The sculpture will not only sit in a prime spot in the downtown park area but will also be 12 feet high.
“The idea of choosing the 12-foot height came about by the desire of having people be able to step into this space within the sculpture and stepping into this alternate space that allows them to have an experience of their own,” said Campbell.
AN ARTIST’S JOURNEY
Since childhood, Campbell had a passion for making art.
“It was just in me from day one,” said Campbell. “But there’s a lot of instances, now looking back and reflecting. My health was always an issue as a kid, so I was home a lot.”
Campbell was born with several birth defects.
Even while struggling with his health, Campbell will always remember the time when he fell in love with art. He was in the second grade, and he grabbed a handful of Crayons to start to color, and said, “I love this, I want to scribble scrabble for the rest of my life.
“I literally said it out loud,” said Campbell. “But from that moment on, there was something about art that I just understood, it was just something that made perfect sense to me.”

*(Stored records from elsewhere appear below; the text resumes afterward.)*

Lemma balanced_triple_det (a1 b1 a2 b2 a3 b3 : int) :
  a1 + a2 + a3 = 0 -> b1 + b2 + b3 = 0 ->
  (a1, b1) != 0 -> (a2, b2) != 0 -> (a3, b3) != 0 ->
  ~~ pos_parallel (a1, b1) (a2, b2) -> ~~ pos_parallel (a1, b1) (a3, b3) ->
  ~~ pos_parallel (a2, b2) (a3, b3) -> a1 * b2 - b1 * a2 != 0.
Proof.
move=> sa sb /pair_norm_gt0 n1 /pair_norm_gt0 n2 /pair_norm_gt0 n3.
rewrite /pos_parallel /= => p12 p13 p23; apply/eqP => det0.
(* Otherwise the three slopes are collinear with pairwise dot products q_ij <= 0;
   Lagrange's identity q12^2 = |s1|^2 |s2|^2 together with
   |s_i|^2 = - q_ij - q_ik forces some slope to vanish. *)
have ea3 : a3 = - (a1 + a2) by lia.
have eb3 : b3 = - (b1 + b2) by lia.
subst a3 b3.
have det13 : a1 * - (b1 + b2) - b1 * - (a1 + a2) = 0 by lia.
have det23 : a2 * - (b1 + b2) - b2 * - (a1 + a2) = 0 by lia.
rewrite det0 det13 det23 eqxx /= -!leNgt in p12 p13 p23.
have lagrange : (a1 * a2 + b1 * b2) ^+ 2 = (a1 * a1 + b1 * b1) * (a2 * a2 + b2 * b2).
  have : (a1 * a2 + b1 * b2) ^+ 2 + (a1 * b2 - b1 * a2) ^+ 2 =
      (a1 * a1 + b1 * b1) * (a2 * a2 + b2 * b2) by ring.
  by rewrite det0 expr0n addr0.
nia.
Qed.

Definition rotslope (R : pzRingType) (c : R) (s : int * int) : R * R :=
  (- c * s.2%:~R, c * s.1%:~R).

Lemma perp_rotslope (R : numFieldType) (s : int * int) (z : R * R) :
  s != 0 -> dot z (slopeR R s) = 0 -> exists c, z = rotslope c s.
Proof.
case: s z => x y [z1 z2] /pair_norm_gt0 /lt0r_neq0; rewrite /dot /slopeR /= => nz zs.
have {}nz : x%:~R * x%:~R + y%:~R * y%:~R != 0 :> R by rewrite -!rmorphM -rmorphD intr_eq0.
exists ((z2 * x%:~R - z1 * y%:~R) / (x%:~R * x%:~R + y%:~R * y%:~R)).
rewrite /rotslope /=; congr (_, _); apply: (mulIf nz); rewrite ?mulNr mulrAC divfK //;
  apply/eqP; rewrite -subr_eq0; apply/eqP.
  by transitivity (x%:~R * (z1 * x%:~R + z2 * y%:~R)); [ring | rewrite zs mulr0].
by transitivity (y%:~R * (z1 * x%:~R + z2 * y%:~R)); [ring | rewrite zs mulr0].
Qed.

Lemma balanced_triple_stress (R : numFieldType) (s1 s2 s3 : int * int) (z1 z2 z3 : R * R) :
  s1 + s2 + s3 = 0 -> s1 != 0 -> s2 != 0 -> s3 != 0 ->
  ~~ pos_parallel s1 s2 -> ~~ pos_parallel s1 s3 -> ~~ pos_parallel s2 s3 ->
  dot z1 (slopeR R s1) = 0 -> dot z2 (slopeR R s2) = 0 -> dot z3 (slopeR R s3) = 0 ->
  z1 + z2 + z3 = 0 ->
  exists c, [/\ z1 = rotslope c s1, z2 = rotslope c s2 & z3 = rotslope c s3].
Proof.
move=> s0 n1 n2 n3 p12 p13 p23.
move=> /(perp_rotslope n1) [c1 ->] /(perp_rotslope n2) [c2 ->] /(perp_rotslope n3) [c3 ->].
have := balanced_triple_det _ _ n1 n2 n3 p12 p13 p23.
case: s1 s2 s3 s0 {n1 n2 n3 p12 p13 p23} => [a1 b1] [a2 b2] [a3 b3] [= sa sb].
move=> /(_ sa sb); rewrite -(intr_eq0 R) rmorphB !rmorphM /= => det_neq0.
rewrite /rotslope /= => -[= sy sx].
have ea3 : a3 = - (a1 + a2) by lia.
have eb3 : b3 = - (b1 + b2) by lia.
rewrite ea3 eb3 !rmorphN !rmorphD /= in sx sy *.
set X := c1 * a1%:~R + _ + _ in sx; set Y := - c1 * b1%:~R + _ + _ in sy.
have /eqP : (c1 - c3) * (a1%:~R * b2%:~R - b1%:~R * a2%:~R) = 0.
  by transitivity (b2%:~R * X + a2%:~R * Y); [rewrite /X /Y; ring | rewrite sx sy !mulr0 addr0].
have /eqP : (c2 - c3) * (a1%:~R * b2%:~R - b1%:~R * a2%:~R) = 0.
  by transitivity (- b1%:~R * X - a1%:~R * Y); [rewrite /X /Y; ring | rewrite sx sy !mulr0 subr0].
rewrite !mulf_eq0 (negbTE det_neq0) !orbF !subr_eq0 => /eqP -> /eqP ->.
by exists c3.
Qed.
(* Take [u] and [w^i] to be the moments of the combination, the weights of
   [w^i] being those of [u] divided by the denominators. *)
Lemma inConvG_inProjR rho y : inConvG C d a0 a rho y -> inProjR C d a0 a n rho y.
Proof.
case=> K [lam [xs [lam_ge0 lam1 xsX rhoE yE]]]; exists (moment lam xs) => i.
pose c t := lam t / den a0 a i (xs t).
have c_den t : c t * den a0 a i (xs t) = lam t by rewrite divfK // gt_eqF ?den_gt0.
have rho_moment : rho i = moment c xs set0.
  by rewrite rhoE; apply: eq_bigr => t _; rewrite sub0set mulr1.
have y_moment j : y i j = moment c xs [set j].
  by rewrite yE; apply: eq_bigr => t _; rewrite sub1set mulrA mulrAC.
exists (moment c xs); split.
- rewrite rho_moment; apply: sumr_ge0 => t _.
  by rewrite sub0set mulr1 divr_ge0 // ltW ?den_gt0.
- move=> l S T _ _; rewrite rlt_lhsE (@rlt_form_lin l S T _ _ c (fun t E => (E \subset xs t)%:R)).
    apply: sumr_ge0 => t _; rewrite mulr_ge0 ?rlt_form_indicator //.
    by rewrite divr_ge0 // ltW ?den_gt0.
  by move=> E; rewrite /Wv; case: eqP => // ->; rewrite rho_moment.
- exact: y_moment.
- rewrite rho_moment; under eq_bigr do rewrite y_moment.
  rewrite -moment_affine0 -[in RHS]lam1; apply: eq_bigr => t _.
  by rewrite sub0set mulr1 c_den.
- move=> S _; rewrite -moment_affine; apply: eq_bigr => t _.
  by rewrite c_den.
Qed.

Hypothesis n_gt0 : (0 < n)%N.
Hypothesis lower_bounds : forall j : 'I_n, exists l : 'I_r,
  (forall j' : 'I_n, C l j' = (j' == j)%:R) /\ d l = 0.
Hypothesis upper_bounds : forall j : 'I_n, exists l : 'I_r,
  (forall j' : 'I_n, C l j' = - (j' == j)%:R) /\ d l = -1.

(* One of the rows [x_j >= 0], [- x_j >= -1] has slack [1] at the 0/1 point [S]. *)
Lemma exists_slack1 S : exists l, slack l S = 1.
Proof.
pose j0 := Ordinal n_gt0.
have sum_coord c l : (forall j, C l j = c * (j == j0)%:R) ->
    \sum_(j < n) C l j * (j \in S)%:R = c * (j0 \in S)%:R.
  move=> Cl; rewrite (bigD1 j0) //= Cl eqxx mulr1 big1 ?addr0 // => j /negbTE jj0.
  by rewrite Cl jj0 mulr0 mul0r.
have [l [Cl dl]] := lower_bounds j0; have [l' [Cl' dl']] := upper_bounds j0.
case jS: (j0 \in S); [exists l | exists l']; rewrite /slack.
  by rewrite (sum_coord 1) => [|j]; rewrite ?Cl ?mul1r // jS dl subr0.
by rewrite (sum_coord (-1)) => [|j]; rewrite ?Cl' ?mulN1r // jS dl' oppr0 sub0r opprK.
Qed.

Lemma moebius_ge0 S rho w : inRLT C d n rho w -> 0 <= moebius (Wv rho w) S.
Proof.
move=> RLTw; have [l slack1] := exists_slack1 S.
by have := inRLT_full l S RLTw; rewrite slack1 mul1r.
Qed.

(* Negative slack at [S] forces the nonnegative coefficient to vanish. *)
Lemma moebius_supp S rho w :
  inRLT C d n rho w -> moebius (Wv rho w) S != 0 -> inX C d S.
Proof.
move=> RLTw nz; apply/inX_slack => l; rewrite leNgt; apply: contra nz => slack_lt0.
rewrite eq_le moebius_ge0 // andbT.
by rewrite -(nmulr_rge0 _ slack_lt0) inRLT_full.
Qed.
(* The witness is the Moebius transform of the lifted point [Wv rhoi w]. *)
Lemma inRki_moebius i rhoi yi u : inRki C d a0 a n i rhoi yi u ->
  exists lam : {set 'I_n} -> R,
    [/\ forall S, 0 <= lam S,
        forall S, lam S != 0 -> inX C d S,
        forall S, lam S * den a0 a i S = moebius (Wv 1 u) S,
        rhoi = \sum_S lam S
      & forall j, yi j = \sum_S lam S * (j \in S)%:R].
Proof.
case=> w [rho_ge0 RLTw yw norm uw]; set V := Wv rhoi w.
have V_moment E : V E = moment (moebius V) id E by rewrite -zeta_moment moebiusK.
have V0 : V set0 = rhoi by rewrite /V /Wv eqxx.
have Vw E : E != set0 -> V E = w E by rewrite /V /Wv => /negbTE ->.
have nzU E q : E :|: [set q] != set0 by apply/set0Pn; exists q; rewrite !inE eqxx orbT.
have V1 j : V [set j] = yi j by rewrite -(set0U [set j]) Vw // set0U yw.
exists (moebius V); split.
- by move=> S; apply: moebius_ge0.
- by move=> S; apply: moebius_supp.
- move=> S; rewrite -(zetaK (fun S => moebius V S * den a0 a i S) S).
  apply: eq_moebius => E; rewrite zeta_moment /Wv.
  have [->|E0] := eqVneq E set0.
    rewrite (moment_affine0 (moebius V) id (a0 i) (a i)) -V_moment V0 -norm.
    by congr (_ + _); apply: eq_bigr => j _; rewrite -V_moment V1.
  rewrite (moment_affine (moebius V) id (a0 i) (a i)) -!V_moment uw.
    rewrite Vw //; congr (_ + _); apply: eq_bigr => q _.
    by rewrite -V_moment Vw.
  by rewrite card_gt0 E0 /=; apply: leq_trans (max_card _) _; rewrite card_ord.
- by rewrite -V0 V_moment; apply: eq_bigr => S _; rewrite sub0set mulr1.
- by move=> j; rewrite -V1 V_moment; apply: eq_bigr => S _; rewrite sub1set.
Qed.
Definition dot (u v : pt) : R := px u * px v + py u * py v + pz u * pz v.
Definition vsub (u v : pt) : pt := (px u - px v, py u - py v, pz u - pz v).
Definition vadd (u v : pt) : pt := (px u + px v, py u + py v, pz u + pz v).
Definition vscale (c : R) (u : pt) : pt := (c * px u, c * py u, c * pz u).
Definition cross (u v : pt) : pt :=
  (py u * pz v - pz u * py v, pz u * px v - px u * pz v, px u * py v - py u * px v).

Definition in_model (g : geom) (x : pt) : Prop :=
  match g with
  | Hyperbolic => dot x x < 1
  | _ => True
  end.

(** Rotation by angle 2*pi*k/q about the z-axis (an isometry in all three models). *)
Definition rot (q k : nat) (x : pt) : pt :=
  let phi := 2 * PI * INR k / INR q in
  (px x * cos phi - py x * sin phi, px x * sin phi + py x * cos phi, pz x).

Definition basev (q : nat) (v0 : pt) (k : nat) : pt := rot q k v0.

Definition pyr_vertex (q : nat) (v0 a : pt) (i : nat) : pt :=
  if (i <? q)%nat then basev q v0 i else a.

Fixpoint sumR (m : nat) (f : nat -> R) : R :=
  match m with O => 0 | S m' => sumR m' f + f m' end.

Fixpoint sumV (m : nat) (f : nat -> pt) : pt :=
  match m with O => (0, 0, 0) | S m' => vadd (sumV m' f) (f m') end.

Definition conv (m : nat) (p : nat -> pt) (x : pt) : Prop :=
  exists w : nat -> R,
    (forall i, (i < m)%nat -> 0 <= w i) /\
    sumR m w = 1 /\
    x = sumV m (fun i => vscale (w i) (p i)).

As he grew up, the young artist would spend time at Venice Beach and the scale and color of the graffiti he saw there inspired him to officially start his artistic career.
“I was actively doing graffiti for about 15 years,” he said.
His love for art and creation just grew from there, and by the time he was in high school, “I was doing everything I could to make art.”
He thanks his art teacher for fueling his passion and developing his art.
“She took me in as a young struggling wannabe graffiti artist, and really taught me some fundamentals,” said Campbell. “After high school I really pursued art on my own terms and learned a lot about art making graffiti.”
“LCHS prepared me in so many facets of what was to come in my life,” said Campbell. “I love La Cañada.”
He has now developed his style as an artist and has since only done work that falls into the category of geometric abstraction.
“The name of the body of work that I’ve created is called the line segments, and that’s exactly what they are, they’re segments of lines grouped and composed to create these gaps and spaces, these imaginary spaces people can step into,” said Campbell. “So, I would say that my work deals a lot with light, space and color. Above all, I’m a colorist at heart.”
“I realized that line(s) are a universally understood symbol,” he said. “Anyone anywhere can understand the concept of a line. I wanted to make pure forms of art that are for everyone, everywhere. The viewer can assign their own meaning. That’s what makes art so intriguing, everyone sees something different.”
His health challenged him yet again when he was diagnosed with temporal lobe epilepsy in 2017.
“My epilepsy played a big role in how I look at art,” said Campbell. “It helped me find these striking visceral moments of beauty in the pitch black of the void… Most of my work is started with a pure black ground in which I build geometry and motion with color searching for one moment of beauty to remain in.”
Campbell has family who still resides in the La Cañada Flintridge and La Crescenta area where he likes to visit occasionally and eat at his favorite food spots, like Berge’s Sandwiches.
The artist is now waiting for materials this month to start the process of creating the sculpture at the beginning of October.
“In this project, there’s been more working parts, dealing with more people with more capacities of creating a piece,” said Campbell. “There’s a lot of working parts, it’s not just hammering away at a canvas and just paint, there’s a lot more action.”